Small businesses have long benefited from the Internet, through everything from e-commerce to Web advertising.
Now, a new type of online service is helping to solve a much more systemic problem: They cut out unnecessary middlemen when it comes to matters of money.
To date, small businesses have had few options when it comes to raising funds and negotiating terms and fees. But new sites are changing that, initiating a shift that is putting power into the hands of business owners.
Why go through a broker when a website can connect you directly to organizations that want to invest in your business? Why waste your time scoping out the best fees or finding the best partner when a website can aggregate the best options with just a few clicks?
Instead, these new sites serve as the most efficient middlemen, saving small businesses time, money and needless frustration.
Plus, unlike the dime-a-dozen websites created by anyone who knows how to code, these are ventures run by credible business people, with loads of experience in their fields.
FundingStore.com is one of these sites.
President Michael Badham is a chartered accountant and the former head of Canadian corporate finance at accounting behemoth Deloitte. His British-based partner, Nick Montague, who launched the same site in Britain, has a similar background.
The two men aren't simply vying for profit. Over their decades of experience, they saw how unnecessarily difficult it was for small businesses to raise money, and they think they have a way to streamline the process.
"For a small business, to raise about $1-million is still the hardest thing to do in the capital markets," Mr. Badham said. "You're sort of caught between $50,000 from friends and family to start your business, and the $5-million or $10-million you need to catch somebody's attention at a bank."

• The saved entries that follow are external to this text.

(* Let ${\cal G}$ be a graph as described in the context and let $f$ be an edgewise linear function on ${\cal G}$. Then for every $p\ge 1$, $$\|f\|_{p,{\cal E}}\le \rho_{\sup}^{1/p}\,\|f\|_{p,{\cal V}}.$$
   Context: A graph ${\cal G}$ consists of an undirected graph $(V,E)$ (possibly infinite; multiple edges and self-loops allowed), a length $\ell_e>0$ for each edge $e$, a specified subset $\partial{\cal G}\subseteq V$ of boundary vertices, a vertex measure ${\cal V}$ (a measure supported on $V$ with ${\cal V}(v)>0$ for every $v$), and an edge measure ${\cal E}$ (zero on vertices, and on the interior of each edge $e$ equal to $a_e>0$ times Lebesgue measure). ${\cal G}$ is identified with its geometric realization (a closed interval of length $\ell_e$ attached between the endpoints of each edge $e$). A function is edgewise linear if it is continuous on ${\cal G}$ and linear on each edge interval. $\|f\|_{p,\mu}=(\int_{\cal G}|f|^p\,d\mu)^{1/p}$. The half-degree of $v$ is $\rho(v)={\cal V}(v)^{-1}\sum_{e\ni v}{\cal E}(e)/2$, and $\rho_{\sup}=\sup_{v\in V}\rho(v)$. *)

From HB Require Import structures.
From mathcomp Require Import all_boot all_order all_algebra.
From mathcomp Require Import all_classical all_reals all_analysis.
Set Implicit Arguments. Unset Strict Implicit. Unset Printing Implicit Defensive.
Import Order.TTheory GRing.Theory Num.Theory.
Local Open Scope classical_set_scope.
Local Open Scope ring_scope.

(* A (metric, measured) graph: possibly infinite vertex and edge sets,
   multiple edges and self-loops allowed (an edge is just an element of
   [edge] with two endpoints [esrc], [etgt], possibly equal). *)
Record mgraph (R : realType) := MGraph {
  vert : choiceType;
  edge : choiceType;
  esrc : edge -> vert;
  etgt : edge -> vert;
  elen : edge -> R;
  elen_gt0 : forall e, 0 < elen e;
  bdry : set vert;
  vmeas : vert -> R;
  vmeas_gt0 : forall v, 0 < vmeas v;
  edens : edge -> R;
  edens_gt0 : forall e, 0 < edens e
}.

Section defs.
Variable R : realType.
Variable G : mgraph R.

Definition emeas (e : edge G) : R := edens e * elen e.

(* edge-ends: (e,false) is the source end, (e,true) the target end;
   a self-loop at v contributes two ends at v *)
Definition eend (x : edge G * bool) : vert G :=
  if x.2 then etgt x.1 else esrc x.1.

Definition half_degree (v : vert G) : \bar R :=
  ((vmeas v)^-1)%:E *
  (\esum_(x in [set x | eend x = v]) ((emeas x.1 / 2)%:E))%E.

Definition rho_sup : \bar R := ereal_sup (range half_degree).

(* A function on the geometric realization: its values at the vertices
   [fv], and on each edge e its values [fe e t] at the point at distance
   t from the source end, t in [0, l_e]. *)
Record edgewise_linear := EdgewiseLinear {
  fv : vert G -> R;
  fe : edge G -> R -> R;
  fe_linear : forall e, exists a b : R,
      forall t, t \in `[0, elen e] -> fe e t = a + b * t;
  (* continuity on the realization: edge values agree with vertex values
     at the endpoints *)
  fe_src : forall e, fe e 0 = fv (esrc e);
  fe_tgt : forall e, fe e (elen e) = fv (etgt e)
}.

Definition norm_E (p : R) (f : edgewise_linear) : \bar R :=
  poweR (\esum_(e in [set: edge G])
     ((edens e)%:E *
      \int[lebesgue_measure]_(t in `[0%R, elen e]%classic) ((`|fe f e t| `^ p)%:E))%E)
    p^-1.

Definition norm_V (p : R) (f : edgewise_linear) : \bar R :=
  poweR (\esum_(v in [set: vert G]) ((vmeas v * `|fv f v| `^ p)%:E)) p^-1.

End defs.

(* On an edge of length l, |f|^p is a convex function of the affine
   function f, hence lies below the chord joining its endpoint values; the
   trapezoid rule then gives a_e * int_e |f|^p <= E(e)/2 * (|f(u)|^p + |f(w)|^p)
   for the endpoints u, w of e.  Summing over all edges and regrouping the
   edge-ends by the vertex they sit at produces, at each vertex v, the factor
   sum_{e ∋ v} E(e)/2 = rho(v) V(v) <= rho_sup V(v) in front of |f(v)|^p.
   Taking p-th roots concludes. *)
From HB Require Import structures.
From mathcomp Require Import all_boot all_order all_algebra.
From mathcomp Require Import all_classical all_reals all_analysis.
From mathcomp Require Import ring lra measurable_realfun.
Import Order.TTheory GRing.Theory Num.Theory.
Local Open Scope ring_scope.
Local Open Scope classical_set_scope.

Section affine_powR.
Context {R : realType}.

Lemma integral_linear_interpolation (l A B : R) : 0 < l ->
  (\int[lebesgue_measure]_(t in `[0%R, l]) ((1 - t / l) * A + t / l * B)%:E
   = (l * (A + B) / 2)%:E)%E.
Proof.
move=> l_gt0.
pose F t := A * t + (B - A) / (2 * l) * (t * t).
have dF x : is_derive x (1 : R) F ((1 - x / l) * A + x / l * B).
  apply: is_derive_eq.
  change (A * 1 + (B - A) / (2 * l) * (x * 1 + x * 1)
    = (1 - x / l) * A + x / l * B).
  by field; rewrite gt_eqF.
rewrite (@continuous_FTC2 _ _ F) //.
- by rewrite /F; congr (_%:E); field; rewrite gt_eqF.
- by apply: derivable_within_continuous => x _; case: (dF x).
- split.
  + by move=> x _; case: (dF x).
  + apply/cvg_at_right_filter/differentiable_continuous.
    by rewrite -derivable1_diffP; case: (dF 0).
  + apply/cvg_at_left_filter/differentiable_continuous.
    by rewrite -derivable1_diffP; case: (dF l).
- by move=> x _; rewrite derive1E; case: (dF x).
Qed.

Context {p : R} (p_ge1 : 1 <= p).

Lemma powR_norm_affine_le_chord (l a b t : R) : 0 < l -> 0 <= t <= l ->
  `|a + b * t| `^ p <= (1 - t / l) * `|a| `^ p + t / l * `|a + b * l| `^ p.
Proof.
move=> l_gt0 /andP[t_ge0 t_le].
have tl_ge0 : 0 <= t / l by rewrite divr_ge0 // ltW.
have tl_le1 : t / l <= 1 by rewrite ler_pdivrMr // mul1r.
have lam_ge0 : 0 <= 1 - t / l by rewrite subr_ge0.
have lam_le1 : 1 - t / l <= 1 by rewrite lerBlDr lerDl.
have chord : a + b * t = (1 - t / l) * a + t / l * (a + b * l).
  by field; rewrite gt_eqF.
have convex : ((1 - t / l) * `|a| + (1 - (1 - t / l)) * `|a + b * l|) `^ p
    <= (1 - t / l) * `|a| `^ p + (1 - (1 - t / l)) * `|a + b * l| `^ p.
  apply: (convex_powR p_ge1 (Itv01 lam_ge0 lam_le1)) => /=;
    by rewrite inE /= in_itv /= andbT.
rewrite (_ : 1 - (1 - t / l) = t / l) in convex; last by ring.
apply: le_trans convex.
apply: ge0_ler_powR; [exact: le_trans ler01 p_ge1 | by rewrite nnegrE | |].
- by rewrite nnegrE addr_ge0 // mulr_ge0.
rewrite chord; apply: le_trans (ler_normD _ _) _.
by rewrite (normrM (1 - t / l)) (normrM (t / l)) (ger0_norm lam_ge0)
  (ger0_norm tl_ge0).
Qed.

Lemma integral_powR_norm_affine_le (l a b : R) : 0 < l ->
  (\int[lebesgue_measure]_(t in `[0%R, l]) (`|a + b * t| `^ p)%:E
   <= (l * (`|a| `^ p + `|a + b * l| `^ p) / 2)%:E)%E.
Proof.
move=> l_gt0; rewrite -integral_linear_interpolation //.
apply: ge0_le_integral => //.
- apply: measurableT_comp => //.
  apply: (measurableT_comp (measurable_powR p)).
  apply: (measurableT_comp (@normr_measurable R setT)).
  exact: measurable_funD.
- apply: measurableT_comp => //.
  apply: measurable_funD; apply: measurable_funM => //; last exact: measurable_funM.
  apply: measurable_funD => //; apply: measurableT_comp => //.
  exact: measurable_funM.
- move=> t; rewrite /= in_itv /= => t_in.
  by rewrite lee_fin powR_norm_affine_le_chord.
Qed.

End affine_powR.

Lemma esumZl_le [R : realType] [T : choiceType] (I : set T) (k : \bar R)
    (a : T -> \bar R) : (0 <= k)%E -> (forall i, 0 <= a i)%E ->
  (\esum_(i in I) (k * a i) <= k * \esum_(i in I) a i)%E.
Proof.
move=> k_ge0 a_ge0; apply: ge_ereal_sup => _ [X XI <-].
rewrite -ge0_mule_fsumr //; apply: lee_wpmul2l => //.
by apply: ereal_sup_ubound; exists X.
Qed.

Section graph.
Context {R : realType} {G : mgraph R}.

Lemma emeas_gt0 (e : edge G) : 0 < emeas e.
Proof. by rewrite mulr_gt0 ?edens_gt0 ?elen_gt0. Qed.

Lemma half_degree_ge0 (v : vert G) : (0 <= half_degree v)%E.
Proof.
apply: mule_ge0; first by rewrite lee_fin invr_ge0 ltW ?vmeas_gt0.
by apply: esum_ge0 => x _; rewrite lee_fin divr_ge0 // ltW ?emeas_gt0.
Qed.

Lemma vmeas_mul_half_degree (v : vert G) :
  ((vmeas v)%:E * half_degree v
   = \esum_(x in [set x | eend x = v]) (emeas x.1 / 2)%:E)%E.
Proof. by rewrite muleA -EFinM mulfV ?gt_eqF ?vmeas_gt0 // mul1e. Qed.

Lemma half_degree_le_rho_sup (v : vert G) : (half_degree v <= rho_sup G)%E.
Proof. by apply: ereal_sup_ubound; exists v. Qed.

Lemma esum_edge_ends (g : edge G * bool -> \bar R) : (forall x, 0 <= g x)%E ->
  \esum_(e in [set: edge G]) (g (e, false) + g (e, true))%E
  = \esum_(v in [set: vert G]) \esum_(x in [set x | eend x = v]) g x.
Proof.
move=> g_ge0.
rewrite (@esum_esum _ _ _ [set: vert G] (fun v => [set x | eend x = v])
  (fun _ x => g x)) //.
rewrite (reindex_esum [set: edge G * bool] _ (fun x => (eend x, x))) //; last first.
  split; [by [] | by move=> x y _ _ [] | by move=> [v x] [_ /= <-]; exists x].
rewrite /= (esumID [set x | x.2 = true]) // esumD // addeC.
congr (_ + _)%E; apply/esym.
- apply: (reindex_esum _ _ (fun e => (e, true))); split.
  + by move=> e _; split.
  + by move=> x y _ _ [].
  + by move=> [e b] [_ /= ->]; exists e.
- apply: (reindex_esum _ _ (fun e => (e, false))); split.
  + by move=> e _; split.
  + by move=> x y _ _ [].
  + by move=> [e []] [_ /=] //; exists e.
Qed.

Context (p : R) (p_ge1 : 1 <= p) (f : edgewise_linear G).

Definition norm_E_pow : \bar R :=
  \esum_(e in [set: edge G])
    ((edens e)%:E *
     \int[lebesgue_measure]_(t in `[0%R, elen e]) ((`|fe f e t| `^ p)%:E))%E.

Definition norm_V_pow : \bar R :=
  \esum_(v in [set: vert G]) ((vmeas v * `|fv f v| `^ p)%:E).

Lemma norm_E_pow_ge0 : (0 <= norm_E_pow)%E.
Proof.
apply: esum_ge0 => e _; apply: mule_ge0; first by rewrite lee_fin ltW ?edens_gt0.
by apply: integral_ge0 => t _; rewrite lee_fin powR_ge0.
Qed.

Lemma norm_V_pow_ge0 : (0 <= norm_V_pow)%E.
Proof.
by apply: esum_ge0 => v _; rewrite lee_fin mulr_ge0 ?powR_ge0 // ltW ?vmeas_gt0.
Qed.

Lemma edge_integral_le (e : edge G) :
  ((edens e)%:E *
   \int[lebesgue_measure]_(t in `[0%R, elen e]) ((`|fe f e t| `^ p)%:E)
   <= (emeas e / 2 * `|fv f (esrc e)| `^ p
       + emeas e / 2 * `|fv f (etgt e)| `^ p)%:E)%E.
Proof.
have [a [b f_affine]] := fe_linear f e.
have l_gt0 := elen_gt0 e.
have [l_in0 l_inl] : 0 \in `[0, elen e]%R /\ elen e \in `[0, elen e]%R.
  by split; rewrite in_itv /= lexx ?ltW.
rewrite -fe_src -fe_tgt !f_affine // mulr0 addr0.
under eq_integral => t /[!inE] t_in do rewrite f_affine //.
have edens_ge0 : (0 <= (edens e)%:E)%E by rewrite lee_fin ltW ?edens_gt0.
apply: le_trans
  (lee_wpmul2l edens_ge0 (integral_powR_norm_affine_le p_ge1 _ a b l_gt0)) _.
by rewrite -EFinM lee_fin /emeas; lra.
Qed.

Lemma norm_E_pow_le (rho : \bar R) : (0 <= rho)%E ->
  (forall v : vert G, half_degree v <= rho)%E ->
  (norm_E_pow <= rho * norm_V_pow)%E.
Proof.
move=> rho_ge0 half_degree_le.
pose P v := `|fv f v| `^ p.
have P_ge0 v : 0 <= P v by exact: powR_ge0.
pose g x := (emeas x.1 / 2 * P (eend x))%:E.
have g_ge0 x : (0 <= g x)%E by rewrite lee_fin mulr_ge0 ?divr_ge0 // ltW ?emeas_gt0.
apply: (@le_trans _ _ (\esum_(e in [set: edge G]) (g (e, false) + g (e, true)))%E).
  by apply: le_esum => e _; rewrite -EFinD; exact: edge_integral_le.
rewrite esum_edge_ends // /norm_V_pow.
apply: le_trans (esumZl_le _ _ _ rho_ge0 _); last first.
  by move=> v; rewrite lee_fin mulr_ge0 // ltW ?vmeas_gt0.
apply: le_esum => v _.
rewrite (eq_esum (b := fun x => (P v)%:E * (emeas x.1 / 2)%:E)%E); last first.
  by move=> x /= <-; rewrite /g -EFinM mulrC.
apply: le_trans (esumZl_le _ _ _ _ _) _.
- by rewrite lee_fin.
- by move=> x; rewrite lee_fin divr_ge0 // ltW ?emeas_gt0.
rewrite -vmeas_mul_half_degree muleA -EFinM mulrC [X in (_ <= X)%E]muleC.
apply: lee_wpmul2l; first by rewrite lee_fin mulr_ge0 // ltW ?vmeas_gt0.
exact: half_degree_le.
Qed.

Lemma norm_E_pow_eq0 : (vert G -> False) -> norm_E_pow = 0%E.
Proof. by move=> no_vert; apply: esum1 => e _; case: (no_vert (esrc e)). Qed.

End graph.

Theorem mainTheorem2 (R : realType) (G : mgraph R) (f : edgewise_linear G)
  (p : R) (hp : 1 <= p) :
  (norm_E p f <= poweR (rho_sup G) p^-1 * norm_V p f)%E.
Proof.
have p_gt0 : 0 < p := lt_le_trans ltr01 hp.
rewrite /norm_E /norm_V -/(norm_E_pow p f) -/(norm_V_pow p f).
have [[v _]|no_vert] := pselect (exists v : vert G, True); last first.
  rewrite norm_E_pow_eq0 => [|v]; last by apply: no_vert; exists v.
  by rewrite poweR0r ?invr_eq0 ?gt_eqF // mule_ge0 // poweR_ge0.
have rho_ge0 : (0 <= rho_sup G)%E :=
  le_trans (half_degree_ge0 v) (half_degree_le_rho_sup v).
rewrite -poweRM ?norm_V_pow_ge0 //.
apply: gt0_ler_poweR; first by rewrite invr_ge0 ltW.
- by rewrite in_itv /= leey norm_E_pow_ge0.
- by rewrite in_itv /= leey mule_ge0 ?norm_V_pow_ge0.
by apply: norm_E_pow_le => //; exact: half_degree_le_rho_sup.
Qed.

"It's all about percentages," Mr. Badham added. Advisers may make 3-per-cent commission on a deal, and that cut on $1-million "barely gets you started" at a big institution.
That's where FundingStore comes in. Business owners fill out an online form that asks a few quick questions, like what stage their company is at (start-up to pre-IPO), the purpose of the funding (from acquisitions to replacing existing debt), and how much money is needed.

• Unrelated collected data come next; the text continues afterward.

Lemma idealP K : reflect (forall x y, y \in K -> (x <= y)%O -> x \in K) (is_ideal K).
Proof.
apply: (iffP forallP) => [K_ideal x y yK le_xy | K_down y].
  by move/implyP: (K_ideal y) => /(_ yK) /forallP /(_ x) /implyP; apply.
by apply/implyP=> yK; apply/forallP=> x; apply/implyP; apply: K_down.
Qed.

Definition down_card x := #|[set w | (w < x)%O]|.

Lemma down_card_lt x y : (x < y)%O -> down_card x < down_card y.
Proof.
move=> lt_xy; apply: proper_card; apply/properP; split.
  by apply/subsetP=> w; rewrite !inE => /lt_trans; apply.
by exists x; rewrite !inE ?lt_xy ?ltxx.
Qed.

Lemma exists_lower_cover x y : (x < y)%O -> exists2 z, covers z y & (x <= z)%O.
Proof.
move=> lt_xy; pose P z := (x <= z)%O && (z < y)%O.
have Px : P x by rewrite /P lexx.
have [z /andP[le_xz lt_zy] z_max] := arg_maxnP down_card Px.
exists z => //; apply/andP; split=> //; apply/forallP=> w; apply/negP=> /andP[lt_zw lt_wy].
have := z_max w; rewrite /P (le_trans le_xz (ltW lt_zw)) lt_wy => /(_ isT) /=.
by rewrite leqNgt down_card_lt.
Qed.

Lemma exists_upper_cover x y : (x < y)%O -> exists2 z, covers x z & (z <= y)%O.
Proof.
move=> lt_xy; pose P z := (x < z)%O && (z <= y)%O.
have Py : P y by rewrite /P lexx lt_xy.
have [z /andP[lt_xz le_zy] z_min] := arg_minnP down_card Py.
exists z => //; apply/andP; split=> //; apply/forallP=> w; apply/negP=> /andP[lt_xw lt_wz].
have := z_min w; rewrite /P lt_xw (le_trans (ltW lt_wz) le_zy) => /(_ isT) /=.
by rewrite leqNgt down_card_lt.
Qed.

Lemma exists_minset_compl J x : x \notin J -> exists2 y, y \in minset_compl J & (y <= x)%O.
Proof.
move=> xJ; pose P y := (y \notin J) && (y <= x)%O.
have Px : P x by rewrite /P xJ lexx.
have [y /andP[yJ le_yx] y_min] := arg_minnP down_card Px.
exists y => //; rewrite inE yJ; apply/forallP=> w; apply/implyP=> lt_wy.
apply/negPn/negP=> wJ; have := y_min w; rewrite /P wJ (le_trans (ltW lt_wy) le_yx).
by move=> /(_ isT) /=; rewrite leqNgt down_card_lt.
Qed.

Definition lower_covers_in p K := [forall z, covers z p ==> (z \in K)].
Definition upper_covers_out p K := [forall z, covers p z ==> (z \notin K)].

Lemma eq_lower_covers_in p K1 K2 :
  (forall z, covers z p -> (z \in K1) = (z \in K2)) ->
  lower_covers_in p K1 = lower_covers_in p K2.
Proof. by move=> eqK; apply: eq_forallb => z; case: (boolP (covers z p)) => //= /eqK. Qed.

Lemma eq_upper_covers_out p K1 K2 :
  (forall z, covers p z -> (z \in K1) = (z \in K2)) ->
  upper_covers_out p K1 = upper_covers_out p K2.
Proof. by move=> eqK; apply: eq_forallb => z; case: (boolP (covers p z)) => //= /eqK->. Qed.

Lemma ideal_lower_covers_in K p : is_ideal K -> p \in K -> lower_covers_in p K.
Proof.
move=> /idealP K_down pK; apply/forallP=> z; apply/implyP=> /andP[lt_zp _].
exact: K_down (ltW lt_zp).
Qed.

Lemma ideal_upper_covers_out K p : is_ideal K -> p \notin K -> upper_covers_out p K.
Proof.
move=> /idealP K_down pK; apply/forallP=> z; apply/implyP=> /andP[lt_pz _].
by apply: contra pK => zK; apply: K_down (ltW lt_pz).
Qed.

Lemma minset_complE K p : is_ideal K ->
  (p \in minset_compl K) = (p \notin K) && lower_covers_in p K.
Proof.
move=> /idealP K_down; rewrite inE; congr (_ && _).
apply/forallP/forallP=> below_in z; apply/implyP.
  by move=> /andP[lt_zp _]; apply: (implyP (below_in z)).
move=> /exists_lower_cover[w cover_wp le_zw].
exact: K_down (implyP (below_in w) cover_wp) le_zw.
Qed.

The application is then forwarded to lenders looking for new prospects.
The website's key selling point is that the lenders are sources of capital that small businesses have likely never thought of, or that the low-level employees who serve them at their banks would not know to point them toward. Examples could be angel investors or export lenders, or even a distinct division of one of the big banks that most people don't know about.
"Business owners who don't have any financial training don't have any knowledge of where to go" to raise money, Mr. Badham said. "Generally, they aren't part of an ecosystem that will point them into the capital markets."
In effect, FundingStore functions as online dating site, the eHarmony of the small business world.
But how many small businesses could benefit from such a service? A whole slew, according to Peter Hatges, head of corporate finance at KPMG in Canada, who has no affiliation with the website.
"I think it goes without saying, any quantum of money is hard to borrow, never mind a small amount of money," he said.
Amounts in the $1-million range are particularly tricky, he added, because they "take as much effort and time to complete as a big transaction," but for less money.
To make the funding requests more appealing, FundingStore offers things like standardized application forms. That way, when a business submits a proposal, the lender isn't shuffling through unorganized papers that make the borrower small seem unprofessional.
There is also an online academy devoted to explaining the different types of funding available, because so many small businesses don't know what kind of money they need, or even what is available – whether it be a term loan, asset-backed lending, working capital loans or invoice financing.
FeeFighters.com is a similar business, except it targets small businesses that process credit card payments.
Currently, credit card vendors charge egregious fees to merchants, and the businesses that rely on this service have no negotiating power because the market is hard to navigate and fees are not openly disclosed.
FeeFighters aims to end that by creating a virtual marketplace. "We are bringing transparency to a market that has been completely opaque," said Canadian head Marcus Dagenais.
Much like FundingStore, FeeFighters asks small businesses to fill out a short form and then matches their card-processing requirements with vendors who have signed up for the site and who agree to disclose a monthly all-in cost that encompasses all of the hidden fees.
The small business can then choose the lowest price available, or pay up for a service that best matches its needs. They key point is that the choice is theirs.
In exchange for brokering the deal, FeeFighters is paid a fee by the credit-card company.
In the same way that FundingStore was started by accountants, FeeFighters was founded by people who know credit cards. Sean Harper, a former Boston Consulting Group consultant with case work in the payments industry, started the company in the United States. Mr. Dagenais, his Canadian partner, works in the credit card processing industry north of the border.
The big looming question is whether or not the credit card companies will play ball, considering that FeeFighters garners low fees. "They see it as a necessary evil," Mr. Dagenais said. The credit card companies could make less per contract, but those that participate have easy access to more potential clients.
FeeFighters has already signed up three-quarters of Canada's nine credit-card processors and Mr. Dagenais is using his industry connections to get the others involved.
When pitching the idea, he highlights that the website simply cuts out middlemen. The vendors are "still going to get paid at the end of the day," he said.
Editor's Note: An earlier version of this online article and the version published in Wednesday's Globe, contained incorrect information. This version has been corrected.